Born in a middle class family in September 1923, Lee had a tumultuous but chequered political career which made him one of the best known figures in Asia.

Lee and his associates pushed for self-government in the 1950s during British colonial rule.

When Singapore became independent in August 1965 after it separated from Malaysia, Lee is said to have wept considering the enormity of the challenges ahead.

Lee didn't hesitate to use the stick as he went about battling Communists and other critics and building a modern Singapore the way he wanted.

"More than 100 years ago, this was a mud-flat swamp," he once said. "Today this is a modern city."

Amid one crisis after another, he rebuilt the island nation's struggling economy, brought racial tensions under control, rehoused the squatters and kept telling Singaporeans: "Never fear."

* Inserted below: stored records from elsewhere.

(* Let $x,y\ge 1$. The maximum number of edges of a connected minimal $(x,y)$ task-dependency graph of order $n$ is $\max(x,y)$ if $n=x+y$ (in which case $\min(x,y)=1$), and $2n-x-y-2$ if $n>x+y$.
   Context: A task-dependency graph is a finite directed acyclic graph (no loops, no multiple edges). A vertex is initial if it has in-degree $0$ and terminal if it has out-degree $0$; an isolated vertex counts as both. An $(x,y)$ task-dependency graph has exactly $x$ initial and exactly $y$ terminal vertices. A minimal $(x,y)$ task-dependency graph is an $(x,y)$ task-dependency graph from which removing any single edge produces a graph that is not an $(x,y)$ task-dependency graph. A connected minimal $(x,y)$ task-dependency graph is a minimal $(x,y)$ task-dependency graph whose underlying undirected graph is connected. The order is the number of vertices. *)

From mathcomp Require Import all_boot.
Set Implicit Arguments. Unset Strict Implicit. Unset Printing Implicit Defensive.

(* A finite directed graph of order n: vertex set 'I_n, edge set D of ordered
   pairs (u,v) meaning an edge u -> v.  Using a set excludes multiple edges;
   loops are excluded by acyclicity. *)
Definition digraph (n : nat) := {set 'I_n * 'I_n}.

Definition adj n (D : digraph n) : rel 'I_n := fun u v => (u, v) \in D.

Definition acyclic n (D : digraph n) : bool :=
  [forall u : 'I_n, forall v : 'I_n, adj D u v ==> ~~ connect (adj D) v u].

Definition initial n (D : digraph n) (v : 'I_n) : bool :=
  [forall u : 'I_n, ~~ adj D u v].
Definition terminal n (D : digraph n) (v : 'I_n) : bool :=
  [forall u : 'I_n, ~~ adj D v u].

Definition n_initial n (D : digraph n) : nat := #|[set v | initial D v]|.
Definition n_terminal n (D : digraph n) : nat := #|[set v | terminal D v]|.

Definition tdg n (x y : nat) (D : digraph n) : Prop :=
  acyclic D /\ n_initial D = x /\ n_terminal D = y.

Definition minimal_tdg n (x y : nat) (D : digraph n) : Prop :=
  tdg x y D /\ forall e, e \in D -> ~ tdg x y (D :\ e).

He promoted public housing, made English a compulsory language, turned Singapore green (he loved to plant trees), encouraged Singaporeans to have more babies, and told them to be more open vis-a-vis immigrants.

Lee was designated the prime minister in 1959 and held the post until 1990 when he handed charge to his son Lee Hsien Loong, who at 63 remains at the helm.

From 1990, Lee was called Senior Minister or Mentor, a post that helped him to keep a watch on everything which went on in the country, whose three main communities are the Chinese, the Malays and the Tamils.

Lee admitted that he liked to have his way.

"I am very determined," he said. "The whole ground can be against me but if I know it is right, I will do it. That is the business of a leader."

Critics called him a dictator, a man who built a Leninist state in the name of democracy, and one who did not hesitate to bankrupt his opponents.

Lee was critical of India's first prime minister Jawaharlal Nehru for not having a tighter grip over the country. He publicly admired Indira Gandhi for imposing Emergency in 1975. He made similar comments that made him look anti-India.

But he began to change his views once India unleashed economic reforms in 1991.

In 2005, in a speech in New Delhi, Lee said: "India must make up for much time lost... The time has come for India's next tryst with destiny."